Jordan and France airdropped food and other humanitarian aid into Gaza on Monday, bringing a modicum of desperately needed assistance to Palestinians facing looming famine as aid groups warned of growing restrictions on their ability to distribute supplies on the ground.
Three planes from the Jordanian Air Force and one from its French counterpart dropped aid, including ready-made meals, over several sites on the coast of Gaza, the Jordanian Army said in a statement. The French plane dropped more than two tons of food and hygiene supplies, all packed in containers rigged with parachutes, the French foreign ministry said.
Humanitarian groups generally airdrop aid to conflict zones only as a last resort, because airdrops pose significant logistical challenges and safety risks. They are also less efficient and far more expensive than delivering aid by road. The two tons of aid dropped by the French plane, for example, represent far less than the capacity of a single truck and make up only a tiny sliver of the aid needed by the enclave’s more than two million residents.
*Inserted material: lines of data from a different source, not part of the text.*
(* Let $p(1),\dots,p(K)\in[0,1]$, let $\mathbb F_i$ be the CDF of $\mathrm{Bern}(p(i))$, and for $\alpha\in\Delta^{K-1}$ write $\mathbb F_\alpha=\sum_i\alpha(i)\mathbb F_i$. Let $h(u)=u(1-u)$. Then: (1) for all $\alpha,\beta\in\Delta^{K-1}$, $U_h(\mathbb F_\alpha)-U_h(\mathbb F_\beta)\le \|\mathbb F_\alpha-\mathbb F_\beta\|_{\mathrm W}$; (2) let $\alpha^\star\in\arg\max_{\alpha\in\Delta^{K-1}}U_h(\mathbb F_\alpha)$ and $\mathbb F^\star=\mathbb F_{\alpha^\star}$. If $\max_i p(i)<\tfrac12$ or $\min_i p(i)>\tfrac12$, then $U_h(\mathbb F^\star)-U_h(\mathbb F_\alpha)\le\|\mathbb F^\star-\mathbb F_\alpha\|_{\mathrm W}$ for all $\alpha\in\Delta^{K-1}$; otherwise (i.e., there exist $i,j$ with $p(i)\le\tfrac12\le p(j)$), $U_h(\mathbb F^\star)-U_h(\mathbb F_\alpha)\le\|\mathbb F^\star-\mathbb F_\alpha\|_{\mathrm W}^2$ for all $\alpha\in\Delta^{K-1}$.
   Context: For a CDF $Q$ of a nonnegative random variable, $U_h(Q)=\int_0^\infty h(1-Q(x))\,dx$. $\|\cdot\|_{\mathrm W}$ is the 1-Wasserstein distance, $\|G-S\|_{\mathrm W}=\int|G(x)-S(x)|dx$ for CDFs $G,S$. $\Delta^{K-1}$ is the probability simplex in $\mathbb R^K$. *)

From HB Require Import structures.
From mathcomp Require Import all_boot all_order all_algebra.
From mathcomp Require Import all_classical all_reals all_analysis.
Set Implicit Arguments. Unset Strict Implicit. Unset Printing Implicit Defensive.
Import Order.TTheory GRing.Theory Num.Theory.
Local Open Scope classical_set_scope.
Local Open Scope ring_scope.

Definition bern_cdf (R : realType) (q : R) (x : R) : R :=
  if x < 0 then 0 else if x < 1 then 1 - q else 1.

Definition mix_cdf (R : realType) (K : nat) (p : 'I_K -> R) (a : 'I_K -> R)
  (x : R) : R := \sum_(i < K) a i * bern_cdf (p i) x.

Definition in_simplex (R : realType) (K : nat) (a : 'I_K -> R) : Prop :=
  (forall i, 0 <= a i) /\ \sum_(i < K) a i = 1.

Definition Uh (R : realType) (h : R -> R) (Q : R -> R) : \bar R :=
  (\int[@lebesgue_measure R]_(x in `[0%R, +oo[) (h (1 - Q x))%:E)%E.

Definition Wdist (R : realType) (G S : R -> R) : \bar R :=
  (\int[@lebesgue_measure R]_(x in [set: R]) `|G x - S x|%:E)%E.

Definition hvar (R : realType) (u : R) : R := u * (1 - u).

From HB Require Import structures.
From mathcomp Require Import all_boot all_order all_algebra.
From mathcomp Require Import all_classical all_reals all_analysis.
From mathcomp Require Import ring lra measurable_realfun.
Set Implicit Arguments. Unset Strict Implicit. Unset Printing Implicit Defensive.
Import Order.TTheory GRing.Theory Num.Theory.
Local Open Scope classical_set_scope.
Local Open Scope ring_scope.

(* A mixture of Bernoulli CDFs with weights in the simplex is itself the CDF
   of a Bernoulli law, whose parameter m is the weighted mean of the p(i).
   Both functionals then become explicit: U_h(F_alpha) = m (1 - m) and
   ||F_alpha - F_beta||_W = |m_alpha - m_beta|.  Part (1) is the fact that
   u (1 - u) is 1-Lipschitz on [0, 1].  For part (2), when some p(i) <= 1/2 <= p(j)
   the mean 1/2 is attained in the simplex, so a maximiser has mean 1/2, and
   1/4 - m (1 - m) = (m - 1/2)^2. *)

Lemma integral_scaled_indic (R : realType) d (T : measurableType d)
    (mu : {measure set T -> \bar R}) (D A : set T) (c : R) (f : T -> R) :
  measurable D -> measurable A -> A `<=` D -> 0 <= c ->
  {in D, forall x, f x = c * \1_A x} ->
  (\int[mu]_(x in D) (f x)%:E = c%:E * mu A)%E.
Proof.
move=> mD mA AD c0 fE.
rewrite (eq_integral (fun x => c%:E * (\1_A x)%:E))%E; last first.
  by move=> x Dx; rewrite fE.
rewrite ge0_integralZl//; last by apply/measurable_EFinP; exact: measurable_indic.
by rewrite integral_indic// setIidl.
Qed.

Lemma lebesgue_measure_itv01 (R : realType) :
  (@lebesgue_measure R `[0%R, 1%R[ = 1)%E.
Proof. by rewrite lebesgue_measure_itv /= lte01 oppr0 adde0. Qed.

Section BernoulliCdf.
Variable R : realType.
Implicit Types q r : R.

Lemma bern_cdf_compl q x :
  0 <= x -> 1 - bern_cdf q x = q * \1_(`[0, 1[%classic : set R) x.
Proof.
move=> x0; rewrite /bern_cdf indicE mem_setE in_itv /= x0 ltNge x0 /=.
by case: ifP => _; rewrite ?mulr1 ?mulr0 ?subrr // opprB addrC subrK.
Qed.

Lemma bern_cdf_dist q r x :
  `|bern_cdf q x - bern_cdf r x| = `|q - r| * \1_(`[0, 1[%classic : set R) x.
Proof.
rewrite /bern_cdf indicE mem_setE in_itv /=.
case: (ltrP x 0) => x0 /=; first by rewrite subrr normr0 mulr0.
case: ifP => _; last by rewrite subrr normr0 mulr0.
by rewrite mulr1 -normrN; congr `|_|; ring.
Qed.

Lemma Uh_bern_cdf (h : R -> R) q : h 0 = 0 -> 0 <= h q ->
  Uh h (bern_cdf q) = (h q)%:E.
Proof.
move=> h00 hq0.
rewrite /Uh (@integral_scaled_indic _ _ _ lebesgue_measure _ `[0, 1[%classic (h q)) //.
- by rewrite [X in (_ * X)%E]lebesgue_measure_itv01 mule1.
- by move=> x /=; rewrite !in_itv /= => /andP[-> _].
move=> x; rewrite inE /= in_itv /= andbT => x0.
by rewrite bern_cdf_compl // indicE; case: (x \in _); rewrite ?mulr1 ?mulr0.
Qed.

Lemma Wdist_bern_cdf q r : Wdist (bern_cdf q) (bern_cdf r) = `|q - r|%:E.
Proof.
rewrite /Wdist (@integral_scaled_indic _ _ _ lebesgue_measure _ `[0, 1[%classic `|q - r|) //.
- by rewrite [X in (_ * X)%E]lebesgue_measure_itv01 mule1.
by move=> x _; rewrite bern_cdf_dist.
Qed.

End BernoulliCdf.

Lemma convex_combination_reach (R : realFieldType) (x y c : R) : x <= c -> c <= y ->
  exists2 t, 0 <= t <= 1 & t * x + (1 - t) * y = c.
Proof.
move=> xc cy; have [xy|xy] := eqVneq x y.
  by exists 0; rewrite ?lexx ?ler01 // mul0r add0r subr0 mul1r; lra.
have d0 : 0 < y - x by rewrite subr_gt0 lt_neqAle xy /=; lra.
exists ((y - c) / (y - x)).
  by rewrite divr_ge0 ?ler_pdivrMr ?mul1r /=; lra.
by field; rewrite gt_eqF.
Qed.

Section Hvar.
Variable R : realType.
Implicit Types u v : R.

Lemma hvar_ge0 u : 0 <= u <= 1 -> 0 <= hvar u.
Proof. by move=> /andP[u0 u1]; rewrite /hvar mulr_ge0 // subr_ge0. Qed.

Lemma hvar_lipschitz u v : 0 <= u <= 1 -> 0 <= v <= 1 ->
  hvar u - hvar v <= `|u - v|.
Proof.
move=> /andP[u0 u1] /andP[v0 v1].
have -> : hvar u - hvar v = (u - v) * (1 - u - v) by rewrite /hvar; ring.
apply: le_trans (ler_norm _) _; rewrite normrM -[X in _ <= X]mulr1.
by rewrite ler_wpM2l // ler_norml; apply/andP; split; lra.
Qed.

Lemma hvar_half_sub u : hvar (1 / 2) - hvar u = (u - 1 / 2) ^+ 2.
Proof. by rewrite /hvar; field. Qed.

Lemma hvar_max_eq_half u : hvar (1 / 2) <= hvar u -> u = 1 / 2.
Proof.
rewrite -subr_le0 hvar_half_sub => sq_le0.
have /eqP : (u - 1 / 2) ^+ 2 = 0 by apply/le_anti; rewrite sq_le0 sqr_ge0.
by rewrite expf_eq0 /= subr_eq0 => /eqP.
Qed.

End Hvar.

Section BernoulliMixture.
Variables (R : realType) (K : nat) (p : 'I_K -> R).
Implicit Types a b : 'I_K -> R.

Definition mix_mean a := \sum_(i < K) a i * p i.

Definition simplex_vertex (i : 'I_K) : 'I_K -> R := fun k => (k == i)%:R.

Lemma mix_cdf_bern_cdf a :
  \sum_(i < K) a i = 1 -> mix_cdf p a = bern_cdf (mix_mean a).
Proof.
move=> sa; apply/funext => x; rewrite /mix_cdf /bern_cdf /mix_mean.
case: ifP => _; first by rewrite big1 // => i _; rewrite mulr0.
case: ifP => _; last by under eq_bigr do rewrite mulr1.
by under eq_bigr do rewrite mulrBr mulr1; rewrite sumrB sa.
Qed.

Lemma mix_mean_vertex i : mix_mean (simplex_vertex i) = p i.
Proof.
rewrite /mix_mean /simplex_vertex (bigD1 i) //= eqxx mul1r big1 ?addr0 //.
by move=> k /negbTE ->; rewrite mul0r.
Qed.

Lemma mix_mean_convex a b t :
  mix_mean (fun k => t * a k + (1 - t) * b k) = t * mix_mean a + (1 - t) * mix_mean b.
Proof.
rewrite /mix_mean !mulr_sumr -big_split /=.
by apply: eq_bigr => k _; ring.
Qed.

Lemma in_simplex_vertex i : in_simplex (simplex_vertex i).
Proof.
split=> [k|]; first exact: ler0n.
by rewrite /simplex_vertex (bigD1 i) //= eqxx big1 ?addr0 // => k /negbTE ->.
Qed.

Lemma in_simplex_convex a b t : 0 <= t <= 1 -> in_simplex a -> in_simplex b ->
  in_simplex (fun k => t * a k + (1 - t) * b k).
Proof.
move=> /andP[t0 t1] [a0 sa] [b0 sb]; split=> [k|].
  by rewrite addr_ge0 // mulr_ge0 // subr_ge0.
by rewrite big_split /= -!mulr_sumr sa sb !mulr1 addrC subrK.
Qed.

Hypothesis p01 : forall i, 0 <= p i <= 1.

Lemma mix_mean_in01 a : in_simplex a -> 0 <= mix_mean a <= 1.
Proof.
move=> [a0 sa]; apply/andP; split.
  by apply: sumr_ge0 => i _; rewrite mulr_ge0 //; case/andP: (p01 i).
by rewrite -sa; apply: ler_sum => i _; rewrite ler_piMr //; case/andP: (p01 i).
Qed.

Lemma Uh_mix_cdf a : in_simplex a -> Uh (@hvar R) (mix_cdf p a) = (hvar (mix_mean a))%:E.
Proof.
move=> sa; rewrite mix_cdf_bern_cdf; last by case: sa.
by rewrite Uh_bern_cdf ?hvar_ge0 ?mix_mean_in01 // /hvar mul0r.
Qed.

Lemma Wdist_mix_cdf a b : in_simplex a -> in_simplex b ->
  Wdist (mix_cdf p a) (mix_cdf p b) = `|mix_mean a - mix_mean b|%:E.
Proof.
move=> [_ sa] [_ sb].
by rewrite !mix_cdf_bern_cdf // Wdist_bern_cdf.
Qed.

Lemma Uh_mix_cdf_lipschitz a b : in_simplex a -> in_simplex b ->
  (Uh (@hvar R) (mix_cdf p a) - Uh (@hvar R) (mix_cdf p b)
     <= Wdist (mix_cdf p a) (mix_cdf p b))%E.
Proof.
move=> sa sb; rewrite !Uh_mix_cdf // Wdist_mix_cdf // -EFinB lee_fin.
by rewrite hvar_lipschitz ?mix_mean_in01.
Qed.

Lemma mix_mean_half_attained i j : p i <= 1 / 2 -> 1 / 2 <= p j ->
  exists2 a, in_simplex a & mix_mean a = 1 / 2.
Proof.
move=> pi_le pj_ge; have [t t01 ht] := convex_combination_reach pi_le pj_ge.
exists (fun k => t * simplex_vertex i k + (1 - t) * simplex_vertex j k).
  exact/in_simplex_convex/in_simplex_vertex/in_simplex_vertex.
by rewrite mix_mean_convex !mix_mean_vertex.
Qed.

Lemma Uh_argmax_mix_mean astar i j : in_simplex astar ->
  (forall a, in_simplex a ->
     (Uh (@hvar R) (mix_cdf p a) <= Uh (@hvar R) (mix_cdf p astar))%E) ->
  p i <= 1 / 2 -> 1 / 2 <= p j -> mix_mean astar = 1 / 2.
Proof.
move=> sstar smax pi_le pj_ge.
have [a sa ma] := mix_mean_half_attained pi_le pj_ge.
apply: hvar_max_eq_half; rewrite -ma -lee_fin -!Uh_mix_cdf //.
exact: smax.
Qed.

Lemma Uh_mix_cdf_argmax_quadratic astar a : in_simplex astar -> in_simplex a ->
  mix_mean astar = 1 / 2 ->
  (Uh (@hvar R) (mix_cdf p astar) - Uh (@hvar R) (mix_cdf p a)
     <= Wdist (mix_cdf p astar) (mix_cdf p a) * Wdist (mix_cdf p astar) (mix_cdf p a))%E.
Proof.
move=> sstar sa mstar; rewrite !Uh_mix_cdf // Wdist_mix_cdf // -EFinB -EFinM lee_fin.
by rewrite mstar hvar_half_sub -normrM -expr2 normrX real_normK ?num_real // -sqrrN opprB.
Qed.

End BernoulliMixture.

Theorem mainTheorem4 (R : realType) (K : nat) (p : 'I_K -> R)
  (hp : forall i, 0 <= p i <= 1) :
  (forall a b : 'I_K -> R, in_simplex a -> in_simplex b ->
     (Uh (@hvar R) (mix_cdf p a) - Uh (@hvar R) (mix_cdf p b)
        <= Wdist (mix_cdf p a) (mix_cdf p b))%E)
  /\
  (forall astar : 'I_K -> R, in_simplex astar ->
     (forall a, in_simplex a ->
        (Uh (@hvar R) (mix_cdf p a) <= Uh (@hvar R) (mix_cdf p astar))%E) ->
     (((forall i, p i < 1 / 2) \/ (forall i, 1 / 2 < p i)) ->
        forall a, in_simplex a ->
          (Uh (@hvar R) (mix_cdf p astar) - Uh (@hvar R) (mix_cdf p a)
             <= Wdist (mix_cdf p astar) (mix_cdf p a))%E)
     /\
     ((exists i j, p i <= 1 / 2 /\ 1 / 2 <= p j) ->
        forall a, in_simplex a ->
          (Uh (@hvar R) (mix_cdf p astar) - Uh (@hvar R) (mix_cdf p a)
             <= Wdist (mix_cdf p astar) (mix_cdf p a)
                * Wdist (mix_cdf p astar) (mix_cdf p a))%E)).
Proof.
split=> [a b|astar sstar smax]; first exact: Uh_mix_cdf_lipschitz.
split=> [_ a sa|[i [j [pi_le pj_ge]]] a sa]; first exact: Uh_mix_cdf_lipschitz.
apply: Uh_mix_cdf_argmax_quadratic => //.
exact: Uh_argmax_mix_mean smax pi_le pj_ge.
Qed.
Still, France, which participated in an earlier airdrop, said it was ramping up its work with Jordan because Gaza’s “humanitarian situation is absolutely urgent,” according to a French foreign ministry statement.
“With a growing number of civilians in Gaza dying of hunger and disease,” the statement said, “France stresses the urgent, imperative need to open the port of Ashdod, all border crossings and a land corridor from Jordan, which could be another effective way to ensure massive deliveries of humanitarian aid to Gaza.”
Jordan began airdropping aid in November and has completed more than a dozen missions since, largely to resupply its field hospitals in Gaza. At least one airdrop mission was jointly carried out with France in January, and two others delivered aid supplied by the Netherlands and Britain.
Calls for internationally coordinated airdrops have intensified as aid groups simultaneously warn that the hunger crisis in Gaza is reaching a tipping point and that some obstacles to traditional aid distribution have become insurmountable.
Last week, the World Food Program suspended food deliveries to northern Gaza, saying that despite extreme needs there, it could not safely operate amid gunfire and the “collapse of civil order” in recent days. The W.F.P. and other United Nations aid agencies have repeatedly warned that their access to northern Gaza was being systematically impeded by Israeli authorities, calling on the government to ease its restrictions. Israel has denied blocking aid deliveries.
The suspension of W.F.P. deliveries in an area where they are needed most indicates that, despite their many limitations, airdrops may be one of the few viable options remaining to quickly get food to northern Gaza, according to Ahmed Fouad Alkhatib, a Middle East policy analyst who grew up in the enclave. Jordan’s airdrops, he said, have set a “critical precedent” for the feasibility of the approach.
“Simply wishing for a cease-fire or simply wishing for better Israeli cooperation” is not enough, Mr. Fouad Alkhatib said. “We need action right now.”